Exercise aim: Copy nothing from the entries below except the lines from the one containing "mdeg M (v (2" through the one containing "Section Flatten.", and copy those exactly.

======

(* Let $H=(V,E)$ be a finite simple graph, and let $M$ be a maximum $2$-matching of $H$ such that no singleton of $M$ has an A-alternating path saving it. Then the number of singletons of $M$ equals the minimum, over all path covers of $H$, of the number of $0$-paths in the path cover. In particular, deleting one edge from each cycle component of $(V,M)$ yields a path cover of $H$ with the minimum possible number of $0$-paths.
   Context: A path cover of $H$ is a collection of vertex-disjoint paths in $H$ that together cover all vertices. A single vertex counts as a $0$-path, and a $k$-path has $k$ edges. A $2$-matching of $H$ is a set $M\subseteq E$ in which every vertex is incident to at most two edges of $M$. It is maximum if $|M|$ is as large as possible. The components of $(V,M)$ are paths and cycles. A singleton of $M$ is a vertex of degree $0$ in $M$. Given a maximum $2$-matching $M$ and a singleton $v_0$ of $M$, an A-alternating path saving $v_0$ is a sequence of pairwise distinct vertices $v_0,v_1,\dots,v_{2i+2}$, with $i\ge 0$, satisfying: (1) $v_{2j}v_{2j+1}\in E\setminus M$ for every $j=0,\dots,i$; (2) for every $j=1,\dots,i$ there is a component $P_j$ of $(V,M)$ that is a $2$-path, with $v_{2j-1}$ its middle vertex and $v_{2j}$ one of its two endpoints, and $P_1,\dots,P_i$ are pairwise distinct; (3) $v_{2i+1}$ lies on a component $Q$ of $(V,M)$ that is either a cycle or a path with at least $3$ edges, $v_{2i+1}v_{2i+2}\in M$, and if $Q$ is a path then $v_{2i+2}$ is not an endpoint of $Q$. *)

From HB Require Import structures.
From mathcomp Require Import all_boot.
Set Implicit Arguments. Unset Strict Implicit. Unset Printing Implicit Defensive.

(* A finite simple graph H = (V,E) is given by a vertex type T : finType and a
   symmetric irreflexive adjacency relation adj.  Edges are 2-element sets. *)
Definition edges (T : finType) (adj : rel T) : {set {set T}} :=
  [set e | [exists x, exists y, adj x y && (e == [set x; y])]].

Definition mdeg (T : finType) (M : {set {set T}}) (x : T) : nat :=
  #|[set e in M | x \in e]|.

Definition two_matching (T : finType) (adj : rel T) (M : {set {set T}}) : bool :=
  (M \subset edges adj) && [forall x, mdeg M x <= 2].

Definition max_two_matching (T : finType) (adj : rel T) (M : {set {set T}}) : Prop :=
  two_matching adj M /\
  forall M' : {set {set T}}, two_matching adj M' -> #|M'| <= #|M|.

Definition singleton (T : finType) (M : {set {set T}}) (x : T) : bool :=
  mdeg M x == 0.

Definition Mrel (T : finType) (M : {set {set T}}) : rel T :=
  fun x y => [set x; y] \in M.

Definition mcomp (T : finType) (M : {set {set T}}) (x : T) : {set T} :=
  [set y | connect (Mrel M) x y].

Definition comp_nedges (T : finType) (M : {set {set T}}) (C : {set T}) : nat :=
  #|[set e in M | e \subset C]|.

(* a component of (V,M) (M a 2-matching) is a cycle iff all its vertices have
   M-degree 2; otherwise it is a path *)
Definition is_cycle_comp (T : finType) (M : {set {set T}}) (C : {set T}) : bool :=
  [forall y in C, mdeg M y == 2].

Definition is_path_comp (T : finType) (M : {set {set T}}) (C : {set T}) : bool :=
  ~~ is_cycle_comp M C.

Definition is_endpoint (T : finType) (M : {set {set T}}) (x : T) : bool :=
  mdeg M x <= 1.

Definition A_alt_path_saving (T : finType) (adj : rel T) (M : {set {set T}}) (v0 : T)
  : Prop :=
  exists (i : nat) (v : nat -> T),
    v 0 = v0 /\
    (forall a b, a <= 2 * i + 2 -> b <= 2 * i + 2 -> v a = v b -> a = b) /\
    [/\
         (forall j, j <= i -> [set v (2 * j); v (2 * j + 1)] \in edges adj :\: M),
        (forall j, 1 <= j <= i ->
           let P := mcomp M (v (2 * j - 1)) in
           [&& is_path_comp M P, comp_nedges M P == 2,
               mdeg M (v (2 * j - 1)) == 2, v (2 * j) \in P
             & is_endpoint M (v (2 * j))]),
        (forall j k, 1 <= j <= i -> 1 <= k <= i ->
           mcomp M (v (2 * j - 1)) = mcomp M (v (2 * k - 1)) -> j = k)
      &
        let Q := mcomp M (v (2 * i + 1)) in
        [/\ is_cycle_comp M Q || (3 <= comp_nedges M Q),
            [set v (2 * i + 1); v (2 * i + 2)] \in M
          & is_path_comp M Q -> ~~ is_endpoint M (v (2 * i + 2))]].

Definition gpath (T : finType) (adj : rel T) (p : seq T) : bool :=
  if p is x :: q then path adj x q && uniq p else false.

Definition path_cover (T : finType) (adj : rel T) (ps : seq (seq T)) : bool :=
  [&& all (gpath adj) ps, uniq (flatten ps) & [forall x, x \in flatten ps]].

Definition n_zero_paths (T : finType) (ps : seq (seq T)) : nat :=
  count (fun p => size p == 1) ps.

Definition pc_edges (T : finType) (ps : seq (seq T)) : {set {set T}} :=
  [set e | e \in flatten [seq [seq [set ab.1; ab.2] | ab <- zip p (behead p)] | p <- ps]].

From HB Require Import structures.
From mathcomp Require Import all_boot zify.
Set Implicit Arguments. Unset Strict Implicit. Unset Printing Implicit Defensive.

(* Write s(N) for the number of singletons of a 2-matching N. The edges of a path
   cover form a 2-matching whose singletons are exactly its 0-paths, and deleting
   one edge from each cycle of M leaves a union of paths with the same singletons
   as M; so it suffices to show s(M) <= s(F) for every 2-matching F.  If a
   singleton v0 of M is covered by an F-edge v0 v1, maximality of M forces v1 to
   have M-degree 2, and the absence of saving paths forces v1 to be the middle of
   a 2-path of M; one of its two M-edges is not in F and can be exchanged for
   v0 v1.  This gives a maximum 2-matching with as many singletons and closer to
   F, still without saving paths: an alternating walk for it yields one for M,
   and a shortest alternating walk is a path.  Induction on |F \ M| concludes. *)

Lemma cards3 (T : finType) (x y z : T) : x != y -> x != z -> y != z -> #|[set x; y; z]| = 3.
Proof.
by move=> nxy nxz nyz; rewrite -setUA cardsU1 cards2 nyz !inE (negbTE nxy) (negbTE nxz).
Qed.

Section Flatten.
Variable T : eqType.
Implicit Types (p q : seq T) (ps : seq (seq T)) (x : T).

Lemma uniq_flatten_mem ps p : uniq (flatten ps) -> p \in ps -> uniq p.
Proof.
elim: ps => [|h t IH] //=; rewrite cat_uniq inE => /and3P [uh _ ut] /orP [/eqP ->|pt] //.
exact: IH.
Qed.

Lemma uniq_flatten_eq ps p q x :
  uniq (flatten ps) -> p \in ps -> q \in ps -> x \in p -> x \in q -> p = q.
Proof.
elim: ps => [|h t IH] //=; rewrite cat_uniq !inE => /and3P [uh nh ut].
have disj y s : s \in t -> y \in s -> y \in h -> False.
  by move=> st ys yh; move/hasP: nh; apply; exists y => //; apply/flattenP; exists s.
move=> /orP [/eqP ->|pt] /orP [/eqP ->|qt] xp xq //.
- by case: (disj x q qt xq xp).
- by case: (disj x p pt xp xq).
- exact: IH.
Qed.

Lemma uniq_flatten_uniq ps : (forall p, p \in ps -> p != [::]) -> uniq (flatten ps) -> uniq ps.
Proof.
elim: ps => [|h t IH] //= ne; rewrite cat_uniq => /and3P [_ nh ut].
have -> : uniq t by apply: IH => // p pt; apply: ne; rewrite inE pt orbT.
rewrite andbT; apply: contra nh => ht.
case: h ne ht => [|y h] ne ht; first by move: (ne [::]); rewrite inE eqxx => /(_ isT).
apply/hasP; exists y; last by rewrite inE eqxx.
by apply/flattenP; exists (y :: h) => //; rewrite inE eqxx.
Qed.

End Flatten.

Lemma last_rev (T : Type) (x : T) s : last x (rev s) = head x s.
Proof. by case: s => [|z s] //; rewrite rev_cons last_rcons. Qed.

Section Degrees.
Variable T : finType.
Implicit Types (M F : {set {set T}}) (x y z : T).

Lemma set2_injr x y z : x != y -> [set x; y] = [set x; z] -> y = z.
Proof.
move=> nxy exy; have : y \in [set x; z] by rewrite -exy set22.
by rewrite !inE => /orP [/eqP yx|/eqP //]; rewrite yx eqxx in nxy.
Qed.

Lemma mdegS M F x : M \subset F -> mdeg M x <= mdeg F x.
Proof.
move=> sMF; apply: subset_leq_card; apply/subsetP => e; rewrite !inE => /andP [eM ->].
by rewrite (subsetP sMF).
Qed.

Lemma mdeg_gt0P M x : reflect (exists2 e, e \in M & x \in e) (0 < mdeg M x).
Proof.
rewrite /mdeg card_gt0; apply: (iffP (set0Pn _)).
  by case=> e; rewrite inE => /andP [] ?; exists e.
by case=> e ? ?; exists e; rewrite inE; apply/andP.
Qed.

Lemma singleton_notin M x e : singleton M x -> e \in M -> x \notin e.
Proof.
move=> /eqP sx eM; apply/negP => xe.
have : 0 < mdeg M x by apply/mdeg_gt0P; exists e.
by rewrite sx.
Qed.

Lemma mdegU1 M e x : mdeg (e |: M) x = mdeg M x + ((x \in e) && (e \notin M)).
Proof.
rewrite /mdeg; case xe: (x \in e) => /=.
  have -> : [set f in e |: M | x \in f] = e |: [set f in M | x \in f].
    by apply/setP=> f; rewrite !inE; case: (f =P e) => [->|]; rewrite ?xe ?andbT.
  by rewrite cardsU1 inE xe andbT addnC.
rewrite addn0; apply: eq_card => f; rewrite !inE.
by case: (f =P e) => [->|] //=; rewrite xe !andbF.
Qed.

Lemma mdegD1 M e x : mdeg (M :\ e) x = mdeg M x - ((x \in e) && (e \in M)).
Proof.
rewrite /mdeg; case xe: (x \in e) => /=; last first.
  rewrite subn0; apply: eq_card => f; rewrite !inE.
  by case: (f =P e) => [->|] //=; rewrite xe !andbF.
have -> : [set f in M :\ e | x \in f] = [set f in M | x \in f] :\ e.
  by apply/setP=> f; rewrite !inE andbA.
rewrite (cardsD1 e [set f in M | x \in f]) inE xe andbT.
by case: (e \in M); rewrite ?subn0 // addKn.
Qed.

Lemma mdegD M D x : mdeg M x <= mdeg (M :\: D) x + #|[set e in D | x \in e]|.
Proof.
apply: leq_trans (leq_card_setU _ _).1; apply: subset_leq_card; apply/subsetP => e.
by rewrite !inE => /andP [-> ->]; rewrite !andbT; case: (e \in D).
Qed.

Lemma mdeg1_uniq M x e1 e2 :
  mdeg M x = 1 -> e1 \in M -> x \in e1 -> e2 \in M -> x \in e2 -> e1 = e2.
Proof.
move=> /eqP/cards1P [e Ex] e1M xe1 e2M xe2.
have : e1 \in [set e] by rewrite -Ex inE e1M xe1.
have : e2 \in [set e] by rewrite -Ex inE e2M xe2.
by rewrite !inE => /eqP -> /eqP ->.
Qed.

Lemma mdeg2P M x : mdeg M x = 2 ->
  exists e1 e2, [/\ e1 != e2, e1 \in M, x \in e1, e2 \in M & x \in e2].
Proof.
move=> /eqP/cards2P [e1 [e2 [ne12 Ex]]].
have : e1 \in [set e in M | x \in e] by rewrite Ex set21.
have : e2 \in [set e in M | x \in e] by rewrite Ex set22.
by rewrite !inE => /andP [e2M xe2] /andP [e1M xe1]; exists e1, e2.
Qed.

Lemma mdeg2_exchangeable M F x e : mdeg M x = 2 -> mdeg F x <= 2 ->
  e \in F -> e \notin M -> x \in e -> exists2 f, f \in M :\: F & x \in f.
Proof.
move=> /mdeg2P [e1 [e2 [ne12 e1M xe1 e2M xe2]]] dF eF eM xe.
case e1F: (e1 \in F); last by exists e1; rewrite // inE e1F.
case e2F: (e2 \in F); last by exists e2; rewrite // inE e2F.
have ne1 : e != e1 by apply: contraNneq eM => ->.
have ne2 : e != e2 by apply: contraNneq eM => ->.
suff : 3 <= mdeg F x by move/leq_trans/(_ dF).
rewrite -(cards3 ne1 ne2 ne12); apply: subset_leq_card; apply/subsetP => f.
by rewrite !inE -orbA => /or3P [] /eqP ->; apply/andP.
Qed.

End Degrees.

Section Components.
Variable T : finType.
Implicit Types (M : {set {set T}}) (x y z : T).

Lemma connect_stable (r : rel T) (A : {set T}) x y :
  (forall u v, u \in A -> r u v -> v \in A) -> x \in A -> connect r x y -> y \in A.
Proof.
move=> rA xA /connectP [p pp ->]; elim: p x xA pp => [|z p IHp] x xA //= /andP [rxz pp].
exact: IHp (rA _ _ xA rxz) pp.
Qed.

Lemma mem_mcomp M x : x \in mcomp M x.
Proof. by rewrite inE connect0. Qed.

Lemma mcomp_edge M x y : [set x; y] \in M -> y \in mcomp M x.
Proof. by move=> xyM; rewrite inE; apply: connect1. Qed.

Lemma mcomp_eq M x y : y \in mcomp M x -> mcomp M y = mcomp M x.
Proof.
have Msym : connect_sym (Mrel M) by apply: sym_connect_sym => u v; rewrite /Mrel setUC.
rewrite inE => cxy; apply/setP => z; rewrite !inE.
apply/idP/idP => h; first exact: connect_trans cxy h.
by rewrite Msym in cxy; apply: connect_trans cxy h.
Qed.

Lemma edge_sub_mcomp M x y : [set x; y] \in M -> [set x; y] \subset mcomp M x.
Proof.
by move=> xyM; apply/subsetP => u; rewrite !inE => /orP [] /eqP ->; rewrite ?connect0 ?connect1.
Qed.

End Components.

Section Graph.
Variables (T : finType) (adj : rel T).
Hypotheses (adj_sym : symmetric adj) (adj_irr : irreflexive adj).
Implicit Types (x y : T).

Lemma mem_edgesP e : reflect (exists x y, adj x y /\ e = [set x; y]) (e \in edges adj).
Proof.
rewrite inE; apply: (iffP existsP).
  by case=> x /existsP [y /andP [axy /eqP ->]]; exists x, y.
by case=> x [y [axy ->]]; exists x; apply/existsP; exists y; rewrite axy eqxx.
Qed.

Lemma edges_at e x : e \in edges adj -> x \in e -> exists y, adj x y /\ e = [set x; y].
Proof.
case/mem_edgesP=> u [v [auv ->]]; rewrite !inE => /orP [] /eqP ->; first by exists v.
by exists u; rewrite adj_sym setUC.
Qed.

======

Reply to the exercise:
               mdeg M (v (2 * j - 1)) == 2, v (2 * j) \in P
             & is_endpoint M (v (2 * j))]),
        (forall j k, 1 <= j <= i -> 1 <= k <= i ->
           mcomp M (v (2 * j - 1)) = mcomp M (v (2 * k - 1)) -> j = k)
      &
        let Q := mcomp M (v (2 * i + 1)) in
        [/\ is_cycle_comp M Q || (3 <= comp_nedges M Q),
            [set v (2 * i + 1); v (2 * i + 2)] \in M
          & is_path_comp M Q -> ~~ is_endpoint M (v (2 * i + 2))]].

Definition gpath (T : finType) (adj : rel T) (p : seq T) : bool :=
  if p is x :: q then path adj x q && uniq p else false.

Definition path_cover (T : finType) (adj : rel T) (ps : seq (seq T)) : bool :=
  [&& all (gpath adj) ps, uniq (flatten ps) & [forall x, x \in flatten ps]].

Definition n_zero_paths (T : finType) (ps : seq (seq T)) : nat :=
  count (fun p => size p == 1) ps.

Definition pc_edges (T : finType) (ps : seq (seq T)) : {set {set T}} :=
  [set e | e \in flatten [seq [seq [set ab.1; ab.2] | ab <- zip p (behead p)] | p <- ps]].

From HB Require Import structures.
From mathcomp Require Import all_boot zify.
Set Implicit Arguments. Unset Strict Implicit. Unset Printing Implicit Defensive.

(* Write s(N) for the number of singletons of a 2-matching N. The edges of a path
   cover form a 2-matching whose singletons are exactly its 0-paths, and deleting
   one edge from each cycle of M leaves a union of paths with the same singletons
   as M; so it suffices to show s(M) <= s(F) for every 2-matching F.  If a
   singleton v0 of M is covered by an F-edge v0 v1, maximality of M forces v1 to
   have M-degree 2, and the absence of saving paths forces v1 to be the middle of
   a 2-path of M; one of its two M-edges is not in F and can be exchanged for
   v0 v1.  This gives a maximum 2-matching with as many singletons and closer to
   F, still without saving paths: an alternating walk for it yields one for M,
   and a shortest alternating walk is a path.  Induction on |F \ M| concludes. *)

Lemma cards3 (T : finType) (x y z : T) : x != y -> x != z -> y != z -> #|[set x; y; z]| = 3.
Proof.
by move=> nxy nxz nyz; rewrite -setUA cardsU1 cards2 nyz !inE (negbTE nxy) (negbTE nxz).
Qed.

Section Flatten.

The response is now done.